Gary Earl Coons (born August 13, 1951) was the Member of the Legislative Assembly (MLA) for the North Coast riding of British Columbia, Canada from 2005 to 2013.
Coons is a former math teacher, having worked in the Prince Rupert area for 25 years.  He was a teacher at Charles Hays Secondary School.  He was also more recently the president of the Prince Rupert District Teachers Union, a local of the British Columbia Teachers' Federation.

Education
Coons was born in Winnipeg, Manitoba. Soon after he was born his family moved to Lachine, Quebec, which was, at that time, a city outside of Montreal.
In 1967, he moved to Burlington, Ontario where he began his lifelong love affair with hockey, playing junior "B" with the Burlington Mohawks. He graduated from Nelson High School which he attended from grades 11 to 13. After graduating, Coons attended the University of Western Ontario in London, Ontario where he received his BA in Mathematics and his Bachelor of Education, with specializations in Math and Physical Education. Throughout his school years, Coons continued playing hockey, playing junior "A" hockey with the St.Thomas Elgins from 1970-71 before moving up to the Mustangs university team.  While playing on University of Western Ontario hockey team, Coons claimed a university league record for penalty minutes.

Career
In 1976, after completing his education, Coons moved to Prince George where he worked for a juvenile detention center with kids in need. Coons left Prince George when he was hired as a special education teacher at Prince Rupert's Booth Memorial Junior Secondary school in 1977. He worked as a teacher for three years before he resigned, in 1980, to co-ordinate the 1981 Northern BC Winter Games, which were held in Prince Rupert. Once the games were completed, Coons tried his hand in the commercial fishing industry, working on a gill-netter for a short time.

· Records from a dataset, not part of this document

Lemma left_neighbour a x : a < x -> exists y, [/\ a < y, y < x, ~~ root BA y,
  cindex a y B A = cindex a x B A & Num.sg BA.[y] = (-1) ^+ odd (\mu_x BA) * sgp_right BA x].
Proof.
move=> ax; have [y y_nb] := neighpl_wit ax BA0.
have := y_nb; rewrite /neighpl in_itv /= => /andP [prev_y yx].
have := prev_root_in BA a x; rewrite in_itv /= (min_l (ltW ax)) => /andP [a_prev _].
have ay : a < y := le_lt_trans a_prev prev_y.
exists y; split => //; [exact: neighpl_root y_nb | | exact: sgr_neighpl y_nb].
rewrite (@cindex_split a x y) ?in_itv /= ?ay ?yx ?noroot_A ?(neighpl_root y_nb) //.
rewrite [cindex y x B A]cindex_noroot ?addr0 // => z; rewrite in_itv /= => /andP [yz zx].
by apply/noroot_A/(@neighpl_root _ _ a x); rewrite /neighpl in_itv /= zx (lt_trans prev_y yz).
Qed.

Lemma right_neighbour x b : x < b -> exists y, [/\ x < y, y < b, ~~ root BA y,
  cindex y b B A = cindex x b B A & Num.sg BA.[y] = sgp_right BA x].
Proof.
move=> xb; have [y y_nb] := neighpr_wit xb BA0.
have := y_nb; rewrite /neighpr in_itv /= => /andP [xy y_next].
have := next_root_in BA x b; rewrite in_itv /= (max_l (ltW xb)) => /andP [_ next_b].
have yb : y < b := lt_le_trans y_next next_b.
exists y; split => //; [exact: neighpr_root y_nb | | exact: sgr_neighpr y_nb].
rewrite [RHS](@cindex_split x b y) ?in_itv /= ?xy ?yb ?noroot_A ?(neighpr_root y_nb) //.
rewrite [cindex x y B A]cindex_noroot ?add0r // => z; rewrite in_itv /= => /andP [xz zy].
by apply/noroot_A/(@neighpr_root _ _ x b); rewrite /neighpr in_itv /= xz (lt_trans zy y_next).
Qed.

(* At the first jump [-1] of [B/A], [B * A] passes from positive to negative.
   If [B * A] is negative at [a], the index of [A/B] on [(a, x)] is nonzero by
   [cindex_inv], so [B] has a root there. *)
Lemma cindex_step a b : a < b -> ~~ root BA a -> cindex a b B A <= -1 ->
  exists x y, [/\ root A x, a < x, x < y, y < b & ~~ root BA y] /\
    [/\ BA.[y] < 0, cindex y b B A = cindex a b B A + 1 &
        BA.[a] < 0 -> exists2 z, root B z & a < z < x].
Proof.
move=> ab BAa ind_le.
have [x [x_ab jx ind_ax ind_xb]] := first_jumpN1 ab ind_le.
have [Ax odd_mu sgp_lt0] := jumpN1 jx.
have /andP [ax xb] : (a < x) && (x < b) by rewrite in_itv in x_ab.
have [y [xy yb BAy ind_yb sg_y]] := right_neighbour xb.
have sgpN1 : sgp_right BA x = -1 by rewrite -sg_y ltr0_sg // -sgr_lt0 sg_y.
exists x, y; split => //; split; first by rewrite -sgr_lt0 sg_y sgpN1 ltrN10.
  by rewrite ind_yb ind_xb.
move=> BAa_lt0; have [y' [ay' y'x BAy' ind_ay' sg_y']] := left_neighbour ax.
have BAy'_gt0 : 0 < BA.[y'] by rewrite -sgr_gt0 sg_y' odd_mu sgpN1 expr1 mulN1r opprK ltr01.
have ind_AB : cindex a y' A B = 1.
  have := @cindex_inv _ a y' ay' A B; rewrite ![A * B]mulrC => /(_ BAa BAy').
  rewrite ind_ay' ind_ax add0r /cross /variation (gtr0_sgz BAy'_gt0).
  by rewrite (pmulr_llt0 _ BAy'_gt0) BAa_lt0 mul1r.
have [z z_roots] : exists z, z \in roots B a y'.
  case E: (roots B a y') ind_AB => [|z s]; last by exists z; rewrite mem_head.
  by rewrite /cindex E big_nil.
exists z; first exact: root_roots z_roots.
have := roots_in z_roots; rewrite in_itv /= => /andP [-> zy'].
exact: lt_trans zy' y'x.
Qed.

In 1981, Coons married Lois Elliot, another teacher in Prince Rupert. She currently teaches at Pineridge school. Together, they have two children, Hannah and Breton. In 1982, Coons returned to teaching at Booth Memorial Junior Secondary, this time as a math teacher. In 1986, Coons became the head instructor at Kaien Alternate school, this continued until 1992, when he went on a teaching exchange to Australia. After his exchange to Australia, Coons was back in Prince Rupert, teaching, this time at Charles Hays Secondary School. He taught the subjects of math and physical education.  His love of sports led Coons to coach recreational activities on a community level, including baseball, soccer and hockey.

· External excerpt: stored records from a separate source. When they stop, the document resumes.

Lemma mirror_pair_gain j k : (j < m)%nat -> (k < m)%nat ->
  2 * abs_pow (tau - s) r * outer (fun x => (N x /\ C j x) /\ mirror xi (C k) x)
  <= (gain j + gain k) * pair_measure j k.
Proof.
  intros Hj Hk. pose proof (pair_measure_nonneg j k Hj).
  pose proof (abs_pow_nonneg r (tau - s)).
  destruct (classic (exists x, (N x /\ C j x) /\ mirror xi (C k) x)) as [[x [[HNx Hcj] Hck]]|Hne].
  - (* near the centre both [z j] and [z k] lie below [s], so each gain is at least |tau - s|^r *)
    destruct (HNs x HNx) as [Hgx Hgy].
    pose proof (Hz j x Hj Hcj). pose proof (Hz k _ Hk Hck).
    pose proof (abs_pow_gap r Hr (z j) s tau ltac:(lra) Hst).
    pose proof (abs_pow_gap r Hr (z k) s tau ltac:(lra) Hst).
    assert (outer (fun x => (N x /\ C j x) /\ mirror xi (C k) x) <= pair_measure j k).
    { apply (outer_mono_Icc lo hi Hlh); [intros y [[_ Hy1] Hy2]; split; auto|].
      intros y [Hy _]; apply (cell_subset lo hi m C HC j Hj), Hy. }
    unfold gain; nra.
  - rewrite outer_empty by (intros y Hy; apply Hne; eauto). rewrite Rmult_0_r.
    destruct (classic (exists x, C j x /\ mirror xi (C k) x)) as [[x [Hcj Hck]]|Hne2].
    + pose proof (Hz j x Hj Hcj). pose proof (Hz k _ Hk Hck).
      pose proof (Hpair x (cell_subset lo hi m C HC j Hj x Hcj)).
      pose proof (abs_pow_pair_le r Hr (z j) (z k) s tau Hst ltac:(unfold mirror in *; lra)).
      apply Rmult_le_pos; [unfold gain; lra|auto].
    + unfold pair_measure. rewrite outer_empty by (intros y Hy; apply Hne2; eauto). lra.
Qed.

Lemma step_sum_gain_ge :
  abs_pow (tau - s) r * outer N <= fsum m (fun j => gain j * outer (C j)).
Proof.
  assert (2 * (abs_pow (tau - s) r * outer N) <= 2 * fsum m (fun j => gain j * outer (C j))); [|lra].
  rewrite step_sum_mirror_pairs, (outer_mirror_pairs N HN), <- Rmult_assoc, <- fsum_scal.
  apply fsum_le; intros j Hj.
  rewrite <- fsum_scal. apply fsum_le; intros k Hk.
  apply mirror_pair_gain; auto.
Qed.

End Gain.
End MirrorPairs.

(** * The one-sided estimate *)

Lemma small_mesh X Y : 0 <= X -> 0 < Y -> exists d, 0 < d <= 1 /\ 2 * X * d < Y.
Proof.
  intros HX HY. exists (Rmin 1 (Y / (4 * X + 1))). split; [split|].
  - apply Rmin_pos; [lra|]. apply Rdiv_lt_0_compat; lra.
  - apply Rmin_l.
  - assert (Hd : Rmin 1 (Y / (4 * X + 1)) * (4 * X + 1) <= Y).
    { apply Rle_trans with (Y / (4 * X + 1) * (4 * X + 1)).
      - apply Rmult_le_compat_r; [lra|apply Rmin_r].
      - right; field; lra. }
    assert (0 < Rmin 1 (Y / (4 * X + 1))) by (apply Rmin_pos; [lra|apply Rdiv_lt_0_compat; lra]).
    nra.
Qed.

Lemma outer_centred_interval_ge lo hi rho : 0 < rho <= hi - lo ->
  rho <= outer (fun x => Icc lo hi x /\ Rabs (x - (lo + hi) / 2) < rho).
Proof.
  intros Hrho. set (xi := (lo + hi) / 2).
  replace rho with ((xi + rho / 2) - (xi - rho / 2)) at 1 by field.
  apply outer_ge_interval; [lra| |apply (cover_length_exists lo hi); [lra|intros x [Hx _]; auto]].
  intros x Hx; unfold Icc, xi in *; split; [lra|].
  unfold Rabs; destruct (Rcase_abs (x - (lo + hi) / 2)); lra.
Qed.

(* Step sums bring [integral |g - tau|^r - integral |g - s|^r] within [2 Lam d lambda(I)] of the
   mirror-pair gain, which is at least [|tau - s|^r rho]; the mesh [d] is then chosen small. *)
Lemma integral_abs_pow_lt lo hi r g B s tau rho :
  lo < hi -> 1 < r -> s < tau -> 0 < rho <= hi - lo ->
  step_approx (Icc lo hi) g -> (forall x, Icc lo hi x -> Rabs (g x) <= B) ->
  (forall x, Icc lo hi x -> g x + g (2 * ((lo + hi) / 2) - x) <= 2 * s) ->
  (forall x, Icc lo hi x -> Rabs (x - (lo + hi) / 2) < rho -> g x <= s) ->
  integral (Icc lo hi) (fun x => abs_pow (g x - s) r)
  < integral (Icc lo hi) (fun x => abs_pow (g x - tau) r).
Proof.
  intros Hlh Hr Hst Hrho Happrox HB Hpair Hnear.
  set (xi := (lo + hi) / 2) in *.
  set (phi0 := abs_pow (tau - s) r).
  assert (Hphi0 : 0 < phi0) by (unfold phi0; rewrite abs_pow_Rpower by lra; apply exp_pos).
  set (K := B + 1 + Rabs s + Rabs tau).
  set (Lam := r * Rpower K (r - 1)).
  assert (HL : 0 <= Lam) by apply (lipschitz_constant_nonneg r Hr).
  destruct (small_mesh (Lam * (hi - lo + 2)) (phi0 * rho)) as (d & Hd & Hdsmall).
  { apply Rmult_le_pos; lra. }
  { apply Rmult_lt_0_compat; lra. }
  destruct (Happrox d (proj1 Hd)) as (m & C & z & HC & Hz).
  set (N := fun x => Icc lo hi x /\ Rabs (x - xi) < rho).
  assert (HN : subset N (Icc lo hi)) by (intros x [Hx _]; auto).
  assert (HNrho : rho <= outer N) by exact (outer_centred_interval_ge lo hi rho Hrho).
  assert (HNs : forall x, N x -> g x <= s /\ g (2 * xi - x) <= s).
  { intros x [Hx Hxr]. split; apply Hnear; auto.
    - apply (Icc_mirror lo hi), Hx.
    - replace (2 * xi - x - xi) with (- (x - xi)) by ring. rewrite Rabs_Ropp; auto. }
  pose proof (step_sum_gain_ge lo hi ltac:(lra) m C HC r s tau g z N Hr ltac:(lra)
                ltac:(intros j x Hj Hx; apply (Hz j x Hj Hx)) Hpair HN HNs) as Hgain.
  destruct (integral_abs_pow_step_bounds lo hi r ltac:(lra) Hr g B HB m C z d HC Hz Hd s K
              ltac:(unfold K; pose proof (Rabs_pos tau); lra)) as [_ Hs].
  destruct (integral_abs_pow_step_bounds lo hi r ltac:(lra) Hr g B HB m C z d HC Hz Hd tau K
              ltac:(unfold K; pose proof (Rabs_pos s); lra)) as [Htau _].
  fold Lam in Hs, Htau.
  assert (Hsplit : fsum m (fun j => (abs_pow (z j - tau) r - Lam * d) * outer (C j))
                   - fsum m (fun j => (abs_pow (z j - s) r + Lam * d) * outer (C j))
                   = fsum m (fun j => (abs_pow (z j - tau) r - abs_pow (z j - s) r) * outer (C j))
                     - 2 * Lam * d * outer (Icc lo hi)).
  { rewrite (outer_partition lo hi m C (Icc lo hi) HC (fun x H => H)), <- fsum_scal, <- !fsum_minus.
    apply fsum_ext; intros j Hj.
    rewrite (outer_ext (fun x => Icc lo hi x /\ C j x) (C j)); [ring|].
    intro x; split; [tauto|]. intro Hx; split; auto. apply (cell_subset lo hi m C HC j Hj), Hx. }
  pose proof (outer_le_Icc lo hi ltac:(lra) (Icc lo hi) (fun x H => H)).
  assert (phi0 * rho <= phi0 * outer N) by (apply Rmult_le_compat_l; lra).
  assert (Lam * d * outer (Icc lo hi) <= Lam * d * (hi - lo + 2))
    by (apply Rmult_le_compat_l; [apply Rmult_le_pos|]; lra).
  fold phi0 in Hgain. lra.
Qed.

Lemma abs_pow_minimizer_le lo hi r g B t0 a c tau :
  lo < hi -> 1 < r -> 0 <= c ->
  step_approx (Icc lo hi) g -> (forall x, Icc lo hi x -> Rabs (g x) <= B) ->
  (forall x, Icc lo hi x ->
     Rabs (g x - (t0 + a * (x - (lo + hi) / 2))) <= c * Rabs (x - (lo + hi) / 2)) ->
  abs_pow_integral_minimizer r (Icc lo hi) g tau ->
  tau <= t0 + / 2 * c * (hi - lo).
Proof.
  intros Hlh Hr Hc Happrox HB Hg Hmin.
  apply Rnot_lt_le; intro Hlt.
  set (xi := (lo + hi) / 2) in *.
  set (delta := / 2 * c * (hi - lo)) in *.
  assert (Hdelta : 0 <= delta) by (unfold delta; apply Rmult_le_pos; [apply Rmult_le_pos|]; lra).
  set (mu := (tau - (t0 + delta)) / 2).
  set (s := t0 + delta + mu).
  set (A := Rabs a + c + 1).
  assert (HA : 0 < A) by (unfold A; pose proof (Rabs_pos a); lra).
  set (rho := Rmin (hi - lo) (mu / A)).
  assert (Hrho : 0 < rho <= hi - lo).
  { split; [apply Rmin_pos; [lra|apply Rdiv_lt_0_compat; unfold mu; lra]|apply Rmin_l]. }
  assert (HrhoA : rho * A <= mu).
  { apply Rle_trans with (mu / A * A); [apply Rmult_le_compat_r; [lra|apply Rmin_r]|].
    right; field; lra. }
  assert (Hup : forall x, Icc lo hi x -> g x <= t0 + a * (x - xi) + c * Rabs (x - xi)).
  { intros x Hx; pose proof (Hg x Hx) as H.
    pose proof (Rle_abs (g x - (t0 + a * (x - xi)))); lra. }
  assert (Hdist : forall x, Icc lo hi x -> c * Rabs (x - xi) <= delta).
  { intros x Hx. unfold delta. replace (/ 2 * c * (hi - lo)) with (c * ((hi - lo) / 2)) by field.
    apply Rmult_le_compat_l; auto. unfold Icc, xi in *.
    unfold Rabs; destruct (Rcase_abs (x - (lo + hi) / 2)); lra. }
  assert (Hpair : forall x, Icc lo hi x -> g x + g (2 * xi - x) <= 2 * s).
  { intros x Hx.
    assert (Hx' : Icc lo hi (2 * xi - x)) by (apply (Icc_mirror lo hi), Hx).
    pose proof (Hup x Hx). pose proof (Hup _ Hx'). pose proof (Hdist x Hx).
    replace (2 * xi - x - xi) with (- (x - xi)) in * by ring. rewrite Rabs_Ropp in *.
    unfold s, mu; lra. }
  assert (Hnear : forall x, Icc lo hi x -> Rabs (x - xi) < rho -> g x <= s).
  { intros x Hx Hnear.
    pose proof (Hup x Hx).
    assert (a * (x - xi) <= Rabs a * rho).
    { eapply Rle_trans; [apply Rle_abs|]. rewrite Rabs_mult.
      apply Rmult_le_compat_l; [apply Rabs_pos|lra]. }
    assert (c * Rabs (x - xi) <= c * rho) by (apply Rmult_le_compat_l; lra).
    unfold A in HrhoA. unfold s; lra. }
  pose proof (integral_abs_pow_lt lo hi r g B s tau rho Hlh Hr ltac:(unfold s, mu; lra)
                Hrho Happrox HB Hpair Hnear).
  specialize (Hmin s); lra.
Qed.

(** * Consequences of the linear envelope *)

Section Envelope.
Variables (lo hi a b c : R) (f : R -> R).
Hypothesis Hlh : lo < hi.
Let xi := (lo + hi) / 2.
Hypothesis Henv : forall x, Icc lo hi x -> Rabs (f x - (a * x + b)) <= c * Rabs (x - xi).

Lemma envelope_coeff_nonneg : 0 <= c.
Proof.
  pose proof (Henv lo ltac:(unfold Icc; lra)) as H. pose proof (Rabs_pos (f lo - (a * lo + b))).
  replace (Rabs (lo - xi)) with ((hi - lo) / 2) in H by (unfold xi; rewrite Rabs_left by lra; field).
  apply Rmult_le_reg_r with ((hi - lo) / 2); lra.
Qed.

Lemma envelope_centred x : Icc lo hi x ->
  Rabs (f x - (f xi + a * (x - xi))) <= c * Rabs (x - xi).
Proof.
  assert (Hxi : f xi = a * xi + b).
  { pose proof (Henv xi ltac:(unfold Icc, xi; lra)) as H.
    rewrite Rminus_diag, Rabs_R0, Rmult_0_r in H.
    apply Rminus_diag_uniq. destruct (Req_dec (f xi - (a * xi + b)) 0) as [|Hne]; auto.
    apply Rabs_no_R0 in Hne. pose proof (Rabs_pos (f xi - (a * xi + b))); lra. }
  intros Hx. rewrite Hxi. replace (a * xi + b + a * (x - xi)) with (a * x + b) by ring. auto.
Qed.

Throughout this time, Coons was active in the British Columbia Teachers' Federation. His commitment to social justice and activism led him to sit on committees and to participate in many roles in the BCTF from 1983–2005. His first experience with a major political movement was in 1983, when the Solidarity Coalition rallied against twenty-seven Bills the provincial legislature had introduced. Coons joined more than 50,000 unionists and other demonstrators in protesting the Bills, which attacked human rights, labour, education, and social programs in British Columbia.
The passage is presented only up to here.